*What needs to be done:*
Find the lines in the entries that follow where the word "unfold" occurs, and state how many there are, with no other words.
━━ Record set
Lemma grid_point_range (N i : nat) : In i (seq 1 N) -> 0 < INR i / INR N <= 1.
Proof.
  intros Hi. apply in_seq in Hi.
  assert (HN : 0 < INR N) by (apply lt_0_INR; lia).
  assert (0 < INR i) by (apply lt_0_INR; lia).
  assert (INR i <= INR N) by (apply le_INR; lia).
  split; [apply Rdiv_lt_0_compat; lra|].
  apply (Rmult_le_reg_r (INR N)); [lra|]. field_simplify; lra.
Qed.

Lemma grid_below (N : nat) t : (0 < N)%nat -> / INR N <= t <= 1 ->
  exists i, In i (seq 1 N) /\ INR i / INR N <= t < INR i / INR N + / INR N.
Proof.
  intros HN Ht. assert (HN0 : 0 < INR N) by (apply lt_0_INR; lia).
  destruct (exists_floor (t * INR N)) as [i [Hi1 Hi2]].
  { apply Rmult_le_pos; [pose proof (Rinv_0_lt_compat _ HN0)|]; lra. }
  assert (E : forall a, a / INR N * INR N = a) by (intro; field; lra).
  assert (1 <= t * INR N).
  { replace 1 with (/ INR N * INR N) by (field; lra). apply Rmult_le_compat_r; lra. }
  exists i. split.
  - apply in_seq. split.
    + assert (0 < INR i) by lra. destruct i; [simpl in *; lra|lia].
    + assert (Hle : INR i <= INR N) by nra. apply INR_le in Hle. lia.
  - split; apply (Rmult_le_reg_r (INR N)) || apply (Rmult_lt_reg_r (INR N)); try lra.
    + rewrite E; lra.
    + rewrite Rmult_plus_distr_r, E, Rinv_l by lra. lra.
Qed.

Definition wsup (g : R -> R) : R :=
  Rsup (fun s => exists t, 0 < t <= 1 /\ s = g t * t).

Section WeightedSup.
Variable g : R -> R.
Hypothesis g01 : forall t, 0 < t <= 1 -> 0 <= g t <= 1.

Lemma wsup_lub : is_lub (fun s => exists t, 0 < t <= 1 /\ s = g t * t) (wsup g).
Proof.
  apply Rsup_lub.
  - exists (g 1 * 1), 1. split; [lra|reflexivity].
  - exists 1. intros s [t [Ht ->]]. pose proof (g01 t Ht). nra.
Qed.

Lemma wsup_ge t : 0 < t <= 1 -> g t * t <= wsup g.
Proof. intros Ht. apply (sup_ge _ _ _ wsup_lub). exists t; auto. Qed.

Lemma wsup_le M : (forall t, 0 < t <= 1 -> g t * t <= M) -> wsup g <= M.
Proof. intros HM. apply (sup_le _ _ _ wsup_lub). intros s [t [Ht ->]]; auto. Qed.

Lemma wsup_approx r : r < wsup g -> exists t, 0 < t <= 1 /\ r < g t * t.
Proof.
  intros Hr. destruct (sup_approx _ _ _ wsup_lub Hr) as [s [[t [Ht ->]] Hs]]. eauto.
Qed.

Lemma wsup_range : 0 <= wsup g <= 1.
Proof.
  split.
  - eapply Rle_trans; [|apply (wsup_ge 1); lra]. pose proof (g01 1). nra.
  - apply wsup_le. intros t Ht. pose proof (g01 t Ht). nra.
Qed.

End WeightedSup.

Lemma pext {T} (P Q : T -> Prop) : (forall x, P x <-> Q x) -> P = Q.
Proof.
  intros H; apply functional_extensionality; intro x; apply propositional_extensionality; auto.
Qed.

Section Topology.
Variable X : space.
Hypothesis HT : is_topology X.

Lemma op_inter2 U V : op X U -> op X V -> op X (fun x => U x /\ V x).
Proof. apply (proj1 (proj2 HT)). Qed.

Lemma op_local (P : X -> Prop) :
  (forall x, P x -> exists N, op X N /\ N x /\ subset N P) -> op X P.
Proof.
  intros HP.
  replace P with (fun x => exists N, (op X N /\ subset N P) /\ N x).
  - apply (proj2 (proj2 HT)). intros N [? _]; auto.
  - apply pext; intro x; split.
    + intros [N [[_ HN] h]]; auto.
    + intro h. destruct (HP x h) as [N [? [? ?]]]. exists N; auto.
Qed.

Lemma op_union2 U V : op X U -> op X V -> op X (fun x => U x \/ V x).
Proof.
  intros HU HV. apply op_local. intros x [h|h]; [exists U|exists V];
    repeat split; auto; intros y hy; auto.
Qed.

Lemma op_const (P : Prop) : op X (fun _ => P).
Proof.
  apply op_local. intros x h. exists (fun _ => True).
  repeat split; [apply (proj1 HT)|intros y _; exact h].
Qed.

Lemma closed_union A B : closed X A -> closed X B -> closed X (fun x => A x \/ B x).
Proof.
  intros HA HB. unfold closed.
  replace (fun x => ~ (A x \/ B x)) with (fun x => ~ A x /\ ~ B x)
    by (apply pext; intro; tauto).
  apply op_inter2; auto.
Qed.

Lemma closed_empty : closed X (fun _ => False).
Proof. exact (op_const (~ False)). Qed.

End Topology.

Lemma closed_compl (X : space) (V : X -> Prop) : op X V -> closed X (fun x => ~ V x).
Proof.
  intros HV. unfold closed. replace (fun x => ~ ~ V x) with V; auto.
  apply pext; intro x; split; [tauto|apply NNPP].
Qed.

Lemma gen_op_topology {T : Type} (S : (T -> Prop) -> Prop) :
  is_topology (Space T (gen_op S)).
Proof.
  split; [|split]; simpl.
  - intros x _. exists nil. repeat split; constructor.
  - intros U V HU HV x [hU hV].
    destruct (HU x hU) as [l1 [A1 [B1 C1]]], (HV x hV) as [l2 [A2 [B2 C2]]].
    exists (l1 ++ l2). repeat split; try (apply Forall_app; auto).
    + apply C1. apply Forall_app in H. tauto.
    + apply C2. apply Forall_app in H. tauto.
  - intros Fm HF x [U [HU hx]]. destruct (HF U HU x hx) as [l [A [B C]]].
    exists l. repeat split; auto. intros y Hy. exists U; auto.
Qed.

Lemma I_eq (a b : I) : proj1_sig a = proj1_sig b -> a = b.
Proof.
  destruct a as [a Ha], b as [b Hb]; simpl; intros ->; f_equal; apply proof_irrelevance.
Qed.

Lemma clamp_id r : 0 <= r <= 1 -> clamp r = r.
Proof. unfold clamp, Rmax, Rmin; intros; repeat destruct Rle_dec; lra. Qed.

Definition level {X : space} (phi : X -> I) (t : R) : X -> Prop :=
  fun x => t <= proj1_sig (phi x).

Lemma level_closed (X : space) (phi : X -> I) t : cont X I phi -> closed X (level phi t).
Proof.
  intros Hc. apply (Hc (fun r : I => ~ (t <= proj1_sig r))).
  intros r Hr. exists (t - proj1_sig r); split; [lra|].
  intros y Hy. apply Rabs_def2 in Hy. lra.
Qed.

Lemma strict_level_open (X : space) (phi : X -> I) t :
  cont X I phi -> op X (fun x => t < proj1_sig (phi x)).
Proof.
  intros Hc. apply (Hc (fun r : I => t < proj1_sig r)).
  intros r Hr. exists (proj1_sig r - t); split; [lra|].
  intros y Hy. apply Rabs_def2 in Hy. lra.
Qed.

Lemma level_antitone (X : space) (phi : X -> I) s t : s <= t -> subset (level phi t) (level phi s).
Proof. unfold level; intros H x hx; lra. Qed.

Definition bounded01 {T : Type} (nu : (T -> Prop) -> R) : Prop := forall A, 0 <= nu A <= 1.

Lemma cap_nonclosed X nu A : is_capacity X nu -> ~ closed X A -> nu A = 0.
Proof. intros H; apply (proj2 (proj2 (proj2 (proj2 (proj2 H))))). Qed.

Lemma cap_bounded X nu : is_capacity X nu -> bounded01 nu.
Proof.
  intros H A. destruct (classic (closed X A)) as [h|h].
  - apply (proj1 H); auto.
  - rewrite (cap_nonclosed X nu A H h); lra.
Qed.

Lemma cap_mono X nu F G :
  is_capacity X nu -> closed X F -> closed X G -> subset F G -> nu F <= nu G.
Proof. intros H; apply (proj1 (proj2 (proj2 (proj2 H)))). Qed.

Lemma cap_outer X nu F a : is_capacity X nu -> closed X F -> 0 <= a <= 1 -> nu F < a ->
  exists O, op X O /\ subset F O /\ forall B, closed X B -> subset B O -> nu B < a.
Proof. intros H; apply (proj1 (proj2 (proj2 (proj2 (proj2 H))))). Qed.

Lemma cap_MU {X} (c : MU X) : is_capacity X (proj1_sig c).
Proof. exact (proj1 (proj2_sig c)). Qed.

Lemma MU_bounded {X} (c : MU X) : bounded01 (proj1_sig c).
Proof. exact (cap_bounded _ _ (cap_MU c)). Qed.

Lemma MU_differ (X : space) (c c' : MU X) :
  c <> c' -> exists A, closed X A /\ proj1_sig c A <> proj1_sig c' A.
Proof.
  intros Hne. apply NNPP; intro N. apply Hne.
  assert (E : proj1_sig c = proj1_sig c').
  { apply functional_extensionality. intro A. apply NNPP; intro h. apply N. exists A.
    split; auto. apply NNPP; intro hA. apply h.
    rewrite !cap_nonclosed; auto using cap_MU. }
  destruct c as [f Hf], c' as [f' Hf']. simpl in E. subst. f_equal. apply proof_irrelevance.
Qed.

Definition sugeno {X : space} (phi : X -> I) (nu : (X -> Prop) -> R) : R :=
  wsup (fun t => nu (level phi t)).

Section Sugeno.
Variables (X : space) (phi : X -> I) (nu : (X -> Prop) -> R).
Hypothesis Hnu : bounded01 nu.

Lemma sugeno_ge t : 0 < t <= 1 -> nu (level phi t) * t <= sugeno phi nu.
Proof. apply (wsup_ge (fun t => nu (level phi t))). intros; apply Hnu. Qed.

Lemma sugeno_le M : (forall t, 0 < t <= 1 -> nu (level phi t) * t <= M) -> sugeno phi nu <= M.
Proof. apply (wsup_le (fun t => nu (level phi t))). intros; apply Hnu. Qed.

Lemma sugeno_approx r : r < sugeno phi nu -> exists t, 0 < t <= 1 /\ r < nu (level phi t) * t.
Proof. apply (wsup_approx (fun t => nu (level phi t))). intros; apply Hnu. Qed.

Lemma sugeno_range : 0 <= sugeno phi nu <= 1.
Proof. apply (wsup_range (fun t => nu (level phi t))). intros; apply Hnu. Qed.

End Sugeno.

Lemma xiM_sugeno (X : space) (phi : X -> I) (c : MU X) :
  proj1_sig (xiM X phi c) = sugeno phi (proj1_sig c).
Proof. apply clamp_id, sugeno_range, MU_bounded. Qed.

Lemma xi_r_sugeno (X : space) (phi : X -> I) nu : xi_r (push phi nu) = toI (sugeno phi nu).
Proof. reflexivity. Qed.

(** ** Continuity of [xi o M_cup phi] *)

Definition MU_near {X : space} (c : MU X) (P : MU X -> Prop) : Prop :=
  exists l, Forall (MU_subbase X) l /\ Forall (fun W => W c) l /\
    forall y, Forall (fun W => W y) l -> P y.

Section Neighbourhoods.
Variables (X : space) (c : MU X).

Lemma MU_near_everywhere (P : MU X -> Prop) : (forall y, P y) -> MU_near c P.
Proof. intros H. exists nil. repeat split; auto. Qed.

Lemma MU_near_subbase (W P : MU X -> Prop) :
  MU_subbase X W -> W c -> (forall y, W y -> P y) -> MU_near c P.
Proof.
  intros HW Hc H. exists (W :: nil). repeat split; auto.
  intros y Hy. apply H, (Forall_inv Hy).
Qed.

Lemma MU_near_mono (P Q : MU X -> Prop) :
  MU_near c P -> (forall y, P y -> Q y) -> MU_near c Q.
Proof. intros [l [A [B C]]] H. exists l; auto. Qed.

Lemma MU_near_and (P Q : MU X -> Prop) :
  MU_near c P -> MU_near c Q -> MU_near c (fun y => P y /\ Q y).
Proof.
  intros [l1 [A1 [B1 C1]]] [l2 [A2 [B2 C2]]].
  exists (l1 ++ l2). repeat split; try (apply Forall_app; auto);
    [apply C1|apply C2]; apply Forall_app in H; tauto.
Qed.

Lemma MU_near_all (P : nat -> MU X -> Prop) (l : list nat) :
  (forall i, In i l -> MU_near c (P i)) -> MU_near c (fun y => forall i, In i l -> P i y).
Proof.
  induction l as [|j l IH]; intros H.
  - apply MU_near_everywhere. intros y i [].
  - apply (MU_near_mono (fun y => P j y /\ forall i, In i l -> P i y)).
    + apply MU_near_and; [apply H; simpl; auto|apply IH; intros; apply H; simpl; auto].
    + intros y [h1 h2] i [<-|hi]; auto.
Qed.

End Neighbourhoods.

Lemma cont_MU_to_I (X : space) (f : MU X -> I) :
  (forall c eps, 0 < eps ->
     MU_near c (fun y => Rabs (proj1_sig (f y) - proj1_sig (f c)) < eps)) ->
  cont (MU X) I f.
Proof.
  intros Hf V HV c Hc. destruct (HV _ Hc) as [eps [He H]].
  destruct (Hf c eps He) as [l [A [B C]]]. exists l; auto.
Qed.

Section SugenoContinuity.
Variables (X : space) (phi : X -> I).
Hypothesis Hphi : cont X I phi.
━━━━
*Reply:*
4